(* Let $N, N_y, M, p \in \mathbb{N}$ with $p\le N$, $X \in \mathbb{R}^{N \times M}$, $Y \in \mathbb{R}^{N_y \times M}$, $\lambda \ge 0$, $\Omega=\{1,\dots,N\}$, let $\bar S_0\subset\cdots\subset\bar S_p$ with feasible sets $\mathcal{I}_1,\dots,\mathcal{I}_p$ be a greedy sequence, and let $\xi^{(k)},\theta^{(k)},\Xi^{(k)},\Theta^{(k)}$ be defined as in the context. Let $f_i^{(k)} := \|(Q^{xy}_i(\bar S_k))^\top\|^2$ and $g_i^{(k)} := Q^{xx}_{i,i}(\bar S_k)$. Then for any $k\in\{1,\dots,p\}$ and $i \in \mathcal{I}_k$, \begin{align*} f_i^{(k)} &= f_i^{(k-1)} - \xi^{(k)}_i\Bigl(2X_iY^\top\theta^{(k)} - 2\,\Xi^{(k-1)}_i \Theta^{(k-1)\top}\theta^{(k)} - \|\theta^{(k)}\|^2 \xi^{(k)}_i\Bigr),\\ g_i^{(k)} &= g_i^{(k-1)} - \xi^{(k)}_i\xi^{(k)}_i. \end{align*}
   Context: Notation: for a matrix $A$ and an ordered index set $S$, $A_S$ is the submatrix of rows indexed by $S$, $A_{S,S}$ the principal submatrix; $A_i$ is row $i$ of $A$, $A_{i,i}$ its $(i,i)$ entry; $v_i$ is the $i$th component of vector $v$; $\|\cdot\|$ is the Euclidean norm; $(I_N)_s^\top$ is the $s$th canonical unit vector. $P^{xx} = XX^\top + \lambda I_N$, $P^{xy} = XY^\top$. $Q^{xx}(\emptyset)=P^{xx}$, $Q^{xy}(\emptyset)=P^{xy}$, and for $|S|\ge1$ with $P^{xx}_{S,S}\succ0$: $Q^{xx}(S) = P^{xx} - (P^{xx}_S)^\top (P^{xx}_{S,S})^{-1} P^{xx}_S$, $Q^{xy}(S) = P^{xy} - (P^{xx}_S)^\top (P^{xx}_{S,S})^{-1} P^{xy}_S$. $J(S) = \operatorname{tr}\{ Y X_S^\top (X_S X_S^\top + \lambda I_{|S|})^{-1} X_S Y^\top \}$ for feasible $S$, $J(\emptyset)=0$. Greedy sequence: $\bar S_0=\emptyset$; for $k=1,\dots,p$, $\mathcal{I}_k = \{ i\in\Omega\setminus\bar S_{k-1} : P^{xx}_{S',S'}\succ0,\ S'=\bar S_{k-1}\cup\{i\}\}$ (assumed nonempty), $\bar s_k \in \arg\max_{i\in\mathcal{I}_k}\{J(\bar S_{k-1}\cup\{i\}) - J(\bar S_{k-1})\}$, $\bar S_k = \bar S_{k-1}\cup\{\bar s_k\}$. Recursion, starting from empty $\Xi^{(0)}\in\mathbb{R}^{N\times0}$, $\Theta^{(0)}\in\mathbb{R}^{N_y\times0}$ (products with them equal to zero): $\delta^{(k)} = X X_{\bar s_k}^\top + \lambda (I_N)_{\bar s_k}^\top - \Xi^{(k-1)}(\Xi^{(k-1)}_{\bar s_k})^\top$, $\xi^{(k)} = \delta^{(k)}/\sqrt{\delta^{(k)}_{\bar s_k}}$, $\theta^{(k)} = (Y X_{\bar s_k}^\top - \Theta^{(k-1)}(\Xi^{(k-1)}_{\bar s_k})^\top)/\sqrt{\delta^{(k)}_{\bar s_k}}$, $\Xi^{(k)}=[\Xi^{(k-1)},\xi^{(k)}]$, $\Theta^{(k)}=[\Theta^{(k-1)},\theta^{(k)}]$. *)

From mathcomp Require Import all_boot all_order all_algebra.
Set Implicit Arguments. Unset Strict Implicit. Unset Printing Implicit Defensive.
Import Order.TTheory GRing.Theory Num.Theory.
Local Open Scope ring_scope.

Section Greedy.
Variables (R : rcfType) (N Ny M : nat).
Variables (X : 'M[R]_(N, M)) (Y : 'M[R]_(Ny, M)) (lam : R).

Definition posdef n (A : 'M[R]_n) : Prop :=
  A^T = A /\ forall v : 'cV[R]_n, v != 0 -> 0 < (v^T *m A *m v) 0 0.

Definition Pxx : 'M[R]_N := X *m X^T + lam%:M.
Definition Pxy : 'M[R]_(N, Ny) := X *m Y^T.

(* Ordered index sets S are sequences of indices; A_S = rows of A indexed by S,
   A_{S,S} = principal submatrix. *)
Definition subrows m (S : seq 'I_N) (A : 'M[R]_(N, m)) : 'M[R]_(size S, m) :=
  rowsub (tnth (in_tuple S)) A.
Definition subprinc (S : seq 'I_N) (A : 'M[R]_N) : 'M[R]_(size S) :=
  mxsub (tnth (in_tuple S)) (tnth (in_tuple S)) A.

(* For S = [::] the formula reduces to Q(emptyset) = P (empty products are 0). *)
Definition Qxx (S : seq 'I_N) : 'M[R]_N :=
  Pxx - (subrows S Pxx)^T *m invmx (subprinc S Pxx) *m subrows S Pxx.
Definition Qxy (S : seq 'I_N) : 'M[R]_(N, Ny) :=
  Pxy - (subrows S Pxx)^T *m invmx (subprinc S Pxx) *m subrows S Pxy.

Definition J (S : seq 'I_N) : R :=
  \tr (Y *m (subrows S X)^T
         *m invmx (subrows S X *m (subrows S X)^T + lam%:M)
         *m subrows S X *m Y^T).

(* i is in the feasible set I_k when S = \bar S_{k-1}. *)
Definition feasible (S : seq 'I_N) (i : 'I_N) : Prop :=
  i \notin S /\ posdef (subprinc (rcons S i) Pxx).

(* Greedy sequence: s = (\bar s_1, ..., \bar s_p); \bar S_k = take k s. *)
Definition greedy p (s : p.-tuple 'I_N) : Prop :=
  forall k : 'I_p,
    feasible (take k s) (tnth s k) /\
    forall i, feasible (take k s) i ->
      J (rcons (take k s) i) - J (take k s)
        <= J (rcons (take k s) (tnth s k)) - J (take k s).

(* One step of the recursion: from Xi^(k-1), Theta^(k-1) and \bar s_k,
   compute (xi^(k), theta^(k)). *)
Definition xi_theta n (Xi : 'M[R]_(N, n)) (Th : 'M[R]_(Ny, n)) (a : 'I_N)
  : 'cV[R]_N * 'cV[R]_Ny :=
  let delta := X *m (row a X)^T + lam *: col a (1%:M : 'M[R]_N)
               - Xi *m (row a Xi)^T in
  let c := Num.sqrt (delta a 0) in
  (c^-1 *: delta, c^-1 *: (Y *m (row a X)^T - Th *m (row a Xi)^T)).

(* Build (Xi, Theta) from the reversed sequence of selected indices;
   Xi^(k) = [Xi^(k-1), xi^(k)]. *)
Fixpoint XTrev (r : seq 'I_N) : 'M[R]_(N, size r) * 'M[R]_(Ny, size r) :=
  match r return 'M[R]_(N, size r) * 'M[R]_(Ny, size r) with
  | [::] => (0, 0)
  | a :: r' =>
      let XT := XTrev r' in
      let xt := xi_theta XT.1 XT.2 a in
      (castmx (erefl N, addn1 (size r')) (row_mx XT.1 xt.1),
       castmx (erefl Ny, addn1 (size r')) (row_mx XT.2 xt.2))
  end.

Definition XiTh (S : seq 'I_N) : 'M[R]_(N, size S) * 'M[R]_(Ny, size S) :=
  ((castmx (erefl N, size_rev S) (XTrev (rev S)).1),
   (castmx (erefl Ny, size_rev S) (XTrev (rev S)).2)).

Definition sqnorm m (v : 'cV[R]_m) : R := \sum_(j < m) v j 0 ^+ 2.

Definition fval (S : seq 'I_N) (i : 'I_N) : R := sqnorm (row i (Qxy S))^T.
Definition gval (S : seq 'I_N) (i : 'I_N) : R := Qxx S i i.

End Greedy.

(* Write E_S for the N x |S| matrix whose columns are the unit vectors e_s,
   s in S, and Z_S := E_S (E_S^T P E_S)^-1 E_S^T with P := P^xx.  Then
   Q^xx(S) = P - P Z_S P and Q^xy(S) = P^xy - P Z_S P^xy are generalised
   Schur complements.  Appending an index a to S changes Z_S by a rank-one
   term, because Z_S is the only matrix of the form E_S W E_S^T with
   P Z_S P E_S = P E_S; hence every Q(S + a) is Q(S) minus the rank-one matrix
   q (Q_a(S)) / q_a, where q := Q^xx(S) e_a and the pivot q_a is positive by
   positive definiteness of P^xx on S + a.  By induction along the greedy
   sequence, Xi Xi^T = P - Q^xx(S) and Xi Theta^T = P^xy - Q^xy(S), so that
   xi = q / sqrt q_a and theta = Q^xy_a(S)^T / sqrt q_a; expanding row i of
   the rank-one update gives the two recursions. *)

From mathcomp Require Import all_boot all_order all_algebra.
From mathcomp Require Import ring.
Set Implicit Arguments. Unset Strict Implicit. Unset Printing Implicit Defensive.
Import Order.TTheory GRing.Theory Num.Theory.
Local Open Scope ring_scope.

Section Posdef.
Variable R : rcfType.

Lemma posdef_unitmx n (A : 'M[R]_n) : posdef A -> A \in unitmx.
Proof.
case=> _ Apos; rewrite unitmxE unitfE; apply/negP => /det0P [v v_neq0 vA0].
have /Apos : v^T != 0 by rewrite trmx_eq0.
by rewrite trmxK vA0 mul0mx mxE ltxx.
Qed.

Lemma posdef_congruence n m (A : 'M[R]_n) (K : 'M[R]_(n, m)) :
  posdef A -> (forall v : 'cV_m, v != 0 -> K *m v != 0) -> posdef (K^T *m A *m K).
Proof.
case=> AT Apos K_inj; split; first by rewrite !trmx_mul trmxK AT mulmxA.
by move=> v /K_inj /Apos; rewrite trmx_mul !mulmxA.
Qed.

End Posdef.

Lemma mulmx_castmx_tr (R : pzSemiRingType) n1 n2 (eq_n : n1 = n2) p r
    (A : 'M[R]_(p, n1)) (B : 'M[R]_(r, n1)) :
  castmx (erefl p, eq_n) A *m (castmx (erefl r, eq_n) B)^T = A *m B^T.
Proof. by case: n2 / eq_n; rewrite !castmx_id. Qed.

Lemma sqnormBZ (R : rcfType) n (u v : 'cV[R]_n) (t : R) :
  sqnorm (u - t *: v) = sqnorm u - t * (2 * (u^T *m v) 0 0 - t * sqnorm v).
Proof.
have -> : (u^T *m v) 0 0 = \sum_j u j 0 * v j 0.
  by rewrite mxE; apply: eq_bigr => j _; rewrite mxE.
rewrite /sqnorm.
transitivity (\sum_j (u j 0 ^+ 2 - t * (2 * (u j 0 * v j 0) - t * v j 0 ^+ 2))).
  by apply: eq_bigr => j _; rewrite !mxE; ring.
by rewrite sumrB -mulr_sumr sumrB -!mulr_sumr.
Qed.

Lemma sqrtrVM (R : rcfType) (x : R) : 0 <= x -> (Num.sqrt x)^-1 * (Num.sqrt x)^-1 = x^-1.
Proof. by move=> x_ge0; rewrite -invfM -expr2 sqr_sqrtr. Qed.

Lemma row_mul_cV (R : pzSemiRingType) m n (u : 'cV[R]_m) (r : 'rV[R]_n) i :
  row i (u *m r) = u i 0 *: r.
Proof. by rewrite row_mul [row i u]mx11_scalar mul_scalar_mx mxE. Qed.

Section OrthoProjection.
Variables (R : rcfType) (N : nat) (P : 'M[R]_N).
Hypothesis PT : P^T = P.

(* [oproj E *m P] is the P-orthogonal projector onto the column space of E. *)
Definition oproj n (E : 'M[R]_(N, n)) : 'M[R]_N :=
  E *m invmx (E^T *m P *m E) *m E^T.

Definition schur n (E : 'M[R]_(N, n)) m (B : 'M[R]_(N, m)) : 'M[R]_(N, m) :=
  B - P *m oproj E *m B.

Lemma oprojT n (E : 'M[R]_(N, n)) : (oproj E)^T = oproj E.
Proof. by rewrite !trmx_mul trmxK trmx_inv !trmx_mul trmxK PT !mulmxA. Qed.

Lemma schurT n (E : 'M[R]_(N, n)) : (schur E P)^T = schur E P.
Proof. by rewrite /schur linearB /= trmx_mul trmx_mul oprojT PT mulmxA. Qed.

Lemma schur_castmx n1 n2 (eq_n : n1 = n2) (E : 'M[R]_(N, n1)) m (B : 'M[R]_(N, m)) :
  schur (castmx (erefl N, eq_n) E) B = schur E B.
Proof. by case: n2 / eq_n; rewrite castmx_id. Qed.

Lemma posdef_gram_castmx n1 n2 (eq_n : n1 = n2) (E : 'M[R]_(N, n1)) :
  posdef ((castmx (erefl N, eq_n) E)^T *m P *m castmx (erefl N, eq_n) E) ->
  posdef (E^T *m P *m E).
Proof. by case: n2 / eq_n; rewrite castmx_id. Qed.

Lemma oprojK n (E : 'M[R]_(N, n)) :
  E^T *m P *m E \in unitmx -> oproj E *m P *m E = E.
Proof. by move=> U; rewrite /oproj -[RHS]mulmx1 -(mulVmx U) !mulmxA. Qed.

Lemma oproj_unique n (E : 'M[R]_(N, n)) (W : 'M[R]_n) :
  E^T *m P *m E \in unitmx ->
  P *m (E *m W *m E^T) *m P *m E = P *m E -> E *m W *m E^T = oproj E.
Proof.
set C := E^T *m P *m E => U /(congr1 (mulmx E^T)); rewrite !mulmxA => CWC.
have {}CWC : C *m W *m C = C by rewrite /C !mulmxA.
suff -> : W = invmx C by []; clearbody C.
have -> : W = invmx C *m (C *m W *m C) *m invmx C.
  by rewrite 2!mulmxA (mulVmx U) mul1mx -mulmxA (mulmxV U) mulmx1.
by rewrite CWC (mulVmx U) mul1mx.
Qed.

Section RankOneUpdate.
Variables (n : nat) (E : 'M[R]_(N, n)) (e : 'cV[R]_N).
Hypothesis posE' : posdef ((row_mx E e)^T *m P *m row_mx E e).

Let C := E^T *m P *m E.
Let w := e - oproj E *m P *m e.
Let d := (e^T *m schur E P *m e) 0 0.

Lemma posdef_row_mxl : posdef C.
Proof.
have hE : row_mx E e *m col_mx 1%:M 0 = E by rewrite mul_row_col mulmx1 mulmx0 addr0.
have -> : C = (col_mx 1%:M 0)^T *m ((row_mx E e)^T *m P *m row_mx E e) *m col_mx 1%:M 0.
  by rewrite !mulmxA -(mulmxA _ (row_mx E e)) hE -trmx_mul hE.
apply: posdef_congruence => // v; rewrite mul_col_mx mul1mx mul0mx.
by rewrite col_mx_eq0 eqxx andbT.
Qed.
Let unitC : C \in unitmx := posdef_unitmx posdef_row_mxl.

Lemma residE : w = row_mx E e *m col_mx (- (invmx C *m E^T *m P *m e)) 1%:M.
Proof.
by rewrite mul_row_col mulmx1 mulmxN addrC /w /oproj !mulmxA.
Qed.

Lemma resid_orth : w^T *m P *m E = 0.
Proof.
rewrite /w linearB /= trmx_mul trmx_mul oprojT PT mulmxBl mulmxBl.
have -> : e^T *m (P *m oproj E) *m P *m E = e^T *m P *m (oproj E *m P *m E).
  by rewrite !mulmxA.
by rewrite oprojK // subrr.
Qed.

Lemma resid_schur : w^T *m P *m e = e^T *m schur E P *m e.
Proof.
rewrite /w /schur linearB /= trmx_mul trmx_mul oprojT PT.
by rewrite mulmxBr mulmxBl !mulmxA.
Qed.

Lemma schur_pivot_gt0 : 0 < d.
Proof.
have wPw : w^T *m P *m w = w^T *m P *m e.
  by rewrite {2}/w mulmxBr /oproj !mulmxA resid_orth !mul0mx subr0.
case: posE' => _ /(_ (col_mx (- (invmx C *m E^T *m P *m e)) 1%:M)).
rewrite col_mx_eq0 oner_eq0 andbF => /(_ isT).
by rewrite /d -resid_schur -wPw residE trmx_mul !mulmxA.
Qed.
..............................
> **Requirement**: Copy every line in the listing above where the string "mulmxBr" turns up.

> **Output for this task**:
by rewrite mulmxBr mulmxBl !mulmxA.
  by rewrite {2}/w mulmxBr /oproj !mulmxA resid_orth !mul0mx subr0.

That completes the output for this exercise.